Edit: Sry 70€ http://www.amazon.de/AMD-Phenom-955...TF8&qid=1431099887&sr=8-1&keywords=AMD+x4+955


----------



## svd (8. Mai 2015)

Wenn er ohnehin gebraucht ist, könntest du den genauso gut von Ebay holen.
Einfach mal bis maximal 50€ inkl. Versand mitbieten und abwarten.

Für die anderen 20€ dann noch einen besseren Kühler als den AMD Standardkühler kaufen.


----------



## Herbboy (8. Mai 2015)

Bei dem Mainboard müsstest du für die CPU in jedem Falle mal das BIOS updaten. An sich ist das für Sockel AM2/AM2+, aber erstaunlicherweise gehen da auch noch AM3-CPUs wie der X4 955 oder 965.

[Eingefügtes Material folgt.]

(* Let $\sigma>0$, $\varepsilon>0$, $D=\ln(1/\varepsilon)+n\ln 8$, and $I=\{x\in(\mathbb{N}\cup\{0\})^n:\sum_{j=1}^n u(x_j)<D\}$. Then $$|I|\le\sum_{q=0}^n 2^{n-q}\binom{n}{n-q}\mathrm{Vol}(X_q),$$ where $X_q=\{x\in[0,+\infty)^q:\sum_{j=1}^q u(x_j)<D-(n-q)\Delta(\sigma)\}$ and $\mathrm{Vol}$ is $q$-dimensional Lebesgue measure.
   Context: $u(x)=\frac{x}{2}\ln\big(\frac{2}{e}x\big)-x\ln\sigma$ for $x>0$, $u(0)=0$; $r=\lfloor\sigma^2/2\rfloor$; $\Delta(\sigma)=\min\{u(r),u(r+1)\}$. *)

From HB Require Import structures.
From mathcomp Require Import all_boot all_order all_algebra.
From mathcomp Require Import all_classical all_reals all_analysis.
Unset Printing Implicit Defensive.
Import Order.TTheory GRing.Theory Num.Theory.
Local Open Scope classical_set_scope.
Local Open Scope ring_scope.

(* u(x) = x/2 ln(2x/e) - x ln sigma for x > 0, u(0) = 0
   (u is only ever applied to nonnegative arguments; we set it to 0 for x <= 0). *)
Definition u {R : realType} (sigma x : R) : R :=
  if 0 < x then x / 2 * ln (2 / expR 1 * x) - x * ln sigma else 0.

Definition r_of {R : realType} (sigma : R) : nat := Num.truncn (sigma ^+ 2 / 2).

Definition Delta {R : realType} (sigma : R) : R :=
  Num.min (u sigma (r_of sigma)%:R) (u sigma (r_of sigma).+1%:R).
Lemma picard1_derivable (k : nat) (x : R) : derivable_pt_lim (picard1 k) x (picard2 k x).
Proof.
  destruct k as [|k]; simpl.
  - apply derivable_pt_lim_const.
  - replace (- K x * picard k x) with (0 + - K x * picard k x) by ring.
    apply (derivable_pt_lim_plus (fun _ => 1)); [apply derivable_pt_lim_const|].
    apply (derivable_pt_lim_RInt (fun u => - K u * picard k u)), continuity_picard_integrand.
Qed.

Lemma picard_at_0 (k : nat) : picard k 0 = 0.
Proof. destruct k; simpl; [|rewrite RInt_at_lower]; ring. Qed.

Lemma picard1_at_0 (k : nat) : picard1 k 0 = 1.
Proof. destruct k; simpl; [|rewrite RInt_at_lower]; ring. Qed.

Lemma picard_ge_id (k : nat) (t : R) :
  (forall s, 0 <= s -> K s <= 0) -> 0 <= t -> t <= picard k t.
Proof.
  intros HK. revert t. induction k as [|k IH]; intros t Ht; simpl; [lra|].
  enough (0 <= RInt (fun s => RInt (fun u => - K u * picard k u) 0 s) 0 t) by lra.
  apply RInt_ge_0; [exact Ht| |].
  - apply ex_RInt_of_continuity, (derivable_continuity _ _ (fun y =>
      derivable_pt_lim_RInt _ 0 y (continuity_picard_integrand k))).
  - intros s Hs. apply RInt_ge_0; [lra|apply ex_RInt_of_continuity, continuity_picard_integrand|].
    intros u Hu. specialize (HK u ltac:(lra)). specialize (IH u ltac:(lra)). nra.
Qed.

Section Increments.

Variables T Q : R.
Hypothesis K_bound : forall u, Rabs u <= T -> Rabs (K u) <= Q.

Lemma picard_increment_of_picard2 (k : nat) :
  (forall t, Rabs t <= T ->
     Rabs (picard2 (S k) t - picard2 k t) <= taylor_bound (Q ^ S k) (S (2 * k)) t) ->
  forall t, Rabs t <= T ->
    Rabs (picard1 (S k) t - picard1 k t) <= taylor_bound (Q ^ S k) (S (S (2 * k))) t /\
    Rabs (picard (S k) t - picard k t) <= taylor_bound (Q ^ S k) (S (S (S (2 * k)))) t.
Proof.
  intros H2 t Ht.
  assert (H1 : forall u, Rabs u <= Rabs t ->
            Rabs (picard1 (S k) u - picard1 k u) <= taylor_bound (Q ^ S k) (S (S (2 * k))) u).
  { intros u Hu.
    apply (taylor_bound_primitive (fun v => picard1 (S k) v - picard1 k v)
             (fun v => picard2 (S k) v - picard2 k v)).
    - intros x. apply (derivable_pt_lim_minus (picard1 (S k)) (picard1 k)); apply picard1_derivable.
    - rewrite !picard1_at_0. ring.
    - intros v Hv. apply H2. lra. }
  split; [apply H1; lra|].
  apply (taylor_bound_primitive (fun v => picard (S k) v - picard k v)
           (fun v => picard1 (S k) v - picard1 k v)); [| |exact H1].
  - intros x. apply (derivable_pt_lim_minus (picard (S k)) (picard k)); apply picard_derivable.
  - rewrite !picard_at_0. ring.
Qed.

Lemma picard2_increment (k : nat) (t : R) : Rabs t <= T ->
  Rabs (picard2 (S k) t - picard2 k t) <= taylor_bound (Q ^ S k) (S (2 * k)) t.
Proof.
  revert t. induction k as [|k IH]; intros t Ht.
  - unfold taylor_bound. simpl. rewrite Rminus_0_r, Rabs_mult, Rabs_Ropp.
    replace (Q * 1 * (Rabs t * 1) / 1) with (Q * Rabs t) by field.
    apply Rmult_le_compat_r; [apply Rabs_pos|apply K_bound, Ht].
  - destruct (picard_increment_of_picard2 k IH t Ht) as [_ Hk].
    change (Rabs (- K t * picard (S k) t - - K t * picard k t)
              <= taylor_bound (Q ^ S (S k)) (S (2 * S k)) t).
    replace (- K t * picard (S k) t - - K t * picard k t)
      with (- K t * (picard (S k) t - picard k t)) by ring.
    replace (S (2 * S k)) with (S (S (S (2 * k)))) by lia.
    replace (taylor_bound (Q ^ S (S k)) (S (S (S (2 * k)))) t)
      with (Q * taylor_bound (Q ^ S k) (S (S (S (2 * k)))) t)
      by (unfold taylor_bound, Rdiv; change (Q ^ S (S k)) with (Q * Q ^ S k); ring).
    rewrite Rabs_mult, Rabs_Ropp.
    apply Rmult_le_compat; auto using Rabs_pos.
Qed.

Lemma picard_increments_le (k : nat) (t : R) : Rabs t <= T ->
  Rabs (picard1 (S k) t - picard1 k t) <= (1 + T) * ((Q * T ^ 2) ^ S k / INR (fact (S k))) /\
  Rabs (picard (S k) t - picard k t) <= (1 + T) * ((Q * T ^ 2) ^ S k / INR (fact (S k))).
Proof.
  intros Ht.
  assert (HT : 0 <= T) by (pose proof (Rabs_pos t); lra).
  assert (HQ : 0 <= Q) by (eapply Rle_trans; [apply Rabs_pos|apply (K_bound 0)];
                           rewrite Rabs_R0; exact HT).
  assert (Hpow : Q ^ S k * T ^ S (S (2 * k)) = (Q * T ^ 2) ^ S k).
  { rewrite Rpow_mult_distr, <- pow_mult. replace (2 * S k)%nat with (S (S (2 * k))) by lia.
    reflexivity. }
  assert (Hnonneg : 0 <= (Q * T ^ 2) ^ S k / INR (fact (S k))).
  { apply Rdiv_le_0_compat; [apply pow_le, Rmult_le_pos; [exact HQ|apply pow2_ge_0]|].
    apply INR_fact_lt_0. }
  destruct (picard_increment_of_picard2 k (picard2_increment k) t Ht) as [H1 H0].
  split.
  - eapply Rle_trans; [apply H1|]. eapply Rle_trans.
    + apply (taylor_bound_le _ _ (S k) t T); [apply pow_le; exact HQ|exact Ht|lia].
    + rewrite Hpow. nra.
  - eapply Rle_trans; [apply H0|]. eapply Rle_trans.
    + apply (taylor_bound_le _ _ (S k) t T); [apply pow_le; exact HQ|exact Ht|lia].
    + replace (Q ^ S k * T ^ S (S (S (2 * k))) / INR (fact (S k)))
        with (T * ((Q ^ S k * T ^ S (S (2 * k))) / INR (fact (S k))))
        by (change (T ^ S (S (S (2 * k)))) with (T * T ^ S (S (2 * k))); unfold Rdiv; ring).
      rewrite Hpow. nra.
Qed.

End Increments.

(* [Lim_seq] is total; [picard_CVU] shows that the iterates do converge. *)
Definition picard_limit (t : R) : R := real (Lim_seq (fun k => picard k t)).
Definition picard1_limit (t : R) : R := real (Lim_seq (fun k => picard1 k t)).

Lemma picard_CVU (r : posreal) : CVU picard picard_limit 0 r /\ CVU picard1 picard1_limit 0 r.
Proof.
  destruct (continuity_bounded K r K_cont) as [Q HQ].
  set (a := fun k => (1 + r) * ((Q * r ^ 2) ^ S k / INR (fact (S k)))).
  assert (Ha : ex_series a) by apply ex_series_exp_tail.
  assert (Hball : forall x, Boule 0 r x -> Rabs x <= r).
  { intros x Hx. unfold Boule in Hx. rewrite Rminus_0_r in Hx. lra. }
  split; apply (CVU_of_summable_increments _ a _ _ Ha); intros k x Hx;
    apply (picard_increments_le r Q HQ k x (Hball x Hx)).
Qed.

Lemma Boule_0_Rabs_succ (x : R) (Hr : 0 < Rabs x + 1) : Boule 0 (mkposreal _ Hr) x.
Proof. unfold Boule. simpl. rewrite Rminus_0_r. lra. Qed.

Lemma picard_limit_derivable (x : R) : derivable_pt_lim picard_limit x (picard1_limit x).
Proof.
  assert (Hr : 0 < Rabs x + 1) by (pose proof (Rabs_pos x); lra).
  destruct (picard_CVU (mkposreal _ Hr)) as [H0 H1].
  apply (CVU_derivable picard picard1 picard_limit picard1_limit 0 _ H1).
  - intros y Hy. apply (CVU_cv _ _ _ _ H0 y Hy).
  - intros n y _. apply picard_derivable.
  - apply Boule_0_Rabs_succ.
Qed.
From HB Require Import structures.
From mathcomp Require Import all_boot all_order all_algebra.
From mathcomp Require Import boolp functions.
Local Open Scope ring_scope.
Import GRing.Theory.
Set Implicit Arguments. Unset Strict Implicit.

(** Every element of [Mbar] is a finite linear combination of translates
    [h |> phi m : x |-> pi (x h) m], so any property stable under linear
    combinations can be checked on these generators.  This shows that the
    elements of [Mbar] are k-linear (so [Mbar] is an H-module) and, using the
    first two partial-representation axioms, that [T_pi] satisfies the
    c-condition.  Since [pi 1 = id], [T_pi] is a projection onto [phi(M)] and
    [phi] is injective.  The dilation is proper because every generator
    [phi m] equals [T_pi (phi m)], and minimal because
    [f x = (x |> f) 1 = T_pi (x |> f) 1] vanishes on any submodule killed by
    [T_pi]. *)

Section KLinear.
Variables (k : fieldType) (U V : lmodType k) (f : U -> V).
Hypothesis f_klin : klin f.

Lemma klinD x y : f (x + y) = f x + f y.
Proof. by have := f_klin 1 x y; rewrite !scale1r. Qed.

Lemma klin0 : f 0 = 0.
Proof. by apply: (addrI (f 0)); rewrite -klinD !addr0. Qed.

Lemma klin_sum (I : Type) (r : seq I) (F : I -> U) :
  f (\sum_(i <- r) F i) = \sum_(i <- r) f (F i).
Proof.
elim: r => [|i r IH]; first by rewrite !big_nil klin0.
by rewrite !big_cons klinD IH.
Qed.

End KLinear.

Lemma eq_big_In (R I : Type) (idx : R) (op : R -> R -> R) (r : seq I)
    (F G : I -> R) :
  (forall i, List.In i r -> F i = G i) ->
  \big[op/idx]_(i <- r) F i = \big[op/idx]_(i <- r) G i.
Proof.
elim: r => [|i r IH] FG; first by rewrite !big_nil.
rewrite !big_cons FG /=; last by left.
by rewrite IH // => j rj; apply: FG; right.
Qed.

Section StandardDilation.
Variables (k : fieldType) (H : algType k) (HH : hopf H)
  (M : lmodType k) (pi : H -> M -> M).
Hypothesis pi_partial : partial_module HH pi.

Local Notation S := (antip HH).
Local Notation act := (@Mact k H M pi).
Local Notation T := (@Tpi k H M pi).

Lemma pi_klin h : klin (pi h).
Proof. by case: pi_partial. Qed.

Lemma pi_klinl a x y m : pi (a *: x + y) m = a *: pi x m + pi y m.
Proof. by case: pi_partial => _ []. Qed.

Lemma pi1 m : pi 1 m = m.
Proof. by case: pi_partial => _ [_ []]. Qed.

Lemma phi1 m : phi pi m 1 = m.
Proof. exact: pi1. Qed.

Lemma Mbar_propP (x : Mbar pi) : Mbar_prop pi (val x).
Proof. by case: x => f /= /asboolP. Qed.

Lemma val_Mact h (x : Mbar pi) y : val (act h x) y = val x (y * h).
Proof. by []. Qed.

Lemma val_Tpi (x : Mbar pi) y : val (T x) y = pi y (val x 1).
Proof. by []. Qed.

Lemma val_Mbar_sum (I : Type) (r : seq I) (F : I -> Mbar pi) :
  val (\sum_(i <- r) F i) = \sum_(i <- r) val (F i).
Proof. exact: raddf_sum. Qed.

Lemma Mbar_ind (Q : (H -> M) -> Prop) :
  Q 0 -> (forall c f g, Q f -> Q g -> Q (c *: f + g)) ->
  (forall h m, Q (hact h (phi pi m))) ->
  forall x : Mbar pi, Q (val x).
Proof.
move=> Q0 QD Qgen x; have [s [s_gen ->]] := Mbar_propP x.
elim: s s_gen => [|p s IH] s_gen; first by rewrite big_nil.
rewrite big_cons; apply: QD; last by apply: IH => q sq; apply: s_gen; right.
by have [m ->] := s_gen p (or_introl erefl); apply: Qgen.
Qed.

Lemma Mbar_klin (x : Mbar pi) : klin (val x).
Proof.
pattern (val x); apply: Mbar_ind => /=.
- by move=> a u v; rewrite scaler0 addr0.
- move=> c f g f_lin g_lin a u v.
  by rewrite !fctE f_lin g_lin !scalerDr !scalerA mulrC addrACA.
- by move=> h m a u v; rewrite /hact /phi mulrDl -scalerAl pi_klinl.
Qed.

Lemma Mbar_c_condition (x : Mbar pi) h y :
  \sum_(p <- cop HH h) pi (y * p.1) (pi (S p.2) (val x 1))
  = pi y (\sum_(p <- cop HH h) pi p.1 (val x (S p.2))).
Proof.
have [PR1 PR2 _ _] := pi_partial.2.2.2.
have pi0 h' : pi h' 0 = 0 := klin0 (pi_klin h').
pattern (val x); apply: Mbar_ind => /=.
- by rewrite big1 ?big1 ?pi0 // => p _; rewrite !pi0.
- move=> c f g f_c g_c.
  under eq_bigr do rewrite !fctE !(pi_klin _ c).
  under [in RHS]eq_bigr do rewrite !fctE (pi_klin _ c).
  by rewrite !big_split /= -!scaler_sumr (pi_klin _ c) f_c g_c.
- move=> g m; rewrite /hact /phi mul1r -PR2 klin_sum; last exact: pi_klin.
  by rewrite PR1.
Qed.

Lemma Mact_left_module : left_module act.
Proof.
split.
- by move=> h a x y; apply: val_inj; apply/funext.
- move=> a x y n; apply: val_inj; apply/funext => z.
  by rewrite /= /hact mulrDr -scalerAr Mbar_klin.
- by move=> n; apply: val_inj; apply/funext => z; rewrite /= /hact mulr1.
- by move=> g h n; apply: val_inj; apply/funext => z; rewrite /= /hact mulrA.
Qed.

Lemma phiM_klin : klin (phiM pi).
Proof. by move=> a x y; apply: val_inj; apply/funext => z; apply: pi_klin. Qed.

Lemma Tpi_phiM m : T (phiM pi m) = phiM pi m.
Proof. by apply: val_inj; apply/funext => z; rewrite /= phi1. Qed.

Lemma Tpi_c_projection : c_projection HH act T.
Proof.
split.
- by move=> a x y; apply: phiM_klin.
- by move=> n; apply: Tpi_phiM.
- move=> h n; apply: val_inj; apply/funext => y.
  rewrite /Th val_Tpi !val_Mbar_sum !fct_sumE.
  under eq_bigr do rewrite !val_Mact !val_Tpi val_Mact mul1r.
  under [in RHS]eq_bigr do rewrite val_Mact val_Tpi val_Mact !mul1r.
  exact: Mbar_c_condition.
Qed.

Lemma standard_dilation : dilation HH act T pi (phiM pi).
Proof.
split; [exact: Mact_left_module | split; [exact: Tpi_c_projection | split]].
  exact: phiM_klin.
split.
- by move=> m; exists (phiM pi m); rewrite Tpi_phiM.
- by move=> m1 m2 /(congr1 (fun x => val x 1)); rewrite /= !phi1.
- by move=> n [n' ->]; exists (val n' 1); apply: val_inj.
- by move=> h m; apply: val_inj; apply/funext => z; rewrite /= /hact mul1r.
Qed.

Lemma standard_dilation_proper : proper_dilation act T.
Proof.
move=> n; have [s [s_gen n_def]] := Mbar_propP n.
exists [seq (p.1.1, p.1.2, phiM pi (p.2 1)) | p <- s]; split.
  move=> _ /List.in_map_iff [p [<- _]].
  by exists (phiM pi (p.2 1)); rewrite Tpi_phiM.
apply: val_inj; rewrite n_def big_map val_Mbar_sum.
by apply: eq_big_In => p /s_gen [m ->]; rewrite phi1.
Qed.

Lemma standard_dilation_minimal : minimal_dilation act T.
Proof.
move=> P [_ _ P_act] T_P n Pn; apply: val_inj; apply/funext => x.
have := congr1 (fun y => val y 1) (T_P _ (P_act x n Pn)).
by rewrite /= phi1 /hact mul1r.
Qed.

End StandardDilation.

Unset Implicit Arguments. Set Strict Implicit.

Bei 70€ CPU-Preis wäre es aber recht teuer im Vergleich zur Leistung. Wie viel RAM hast du?


----------



## Technodex (8. Mai 2015)

8gb Ram

@SVD Und wenn ich ebay gucke kommen nur Mainboards mit CPU´s drinne und meistens wird nichtmal beschrieben welche drinne ist...


----------



## Tuetenclown (8. Mai 2015)

*hüstel* guck in meine Sig xD Werde jedenfalls ab ca. Mitte nächster Woche einen frei haben...


----------



## Technodex (9. Mai 2015)

Wenn ich auf den Link klicke kommt Seiten-Ladefehler ^^


----------



## Herbboy (9. Mai 2015)

Rechtsklicken, kopieren und dann oben in den Browser kopieren und die  -Tags entfernen, dann sollte es gehen


----------



## Tuetenclown (10. Mai 2015)

Technodex schrieb:


> Wenn ich auf den Link klicke kommt Seiten-Ladefehler ^^



ist ja ne frechheit o.O werde ich sofort korrigieren!


----------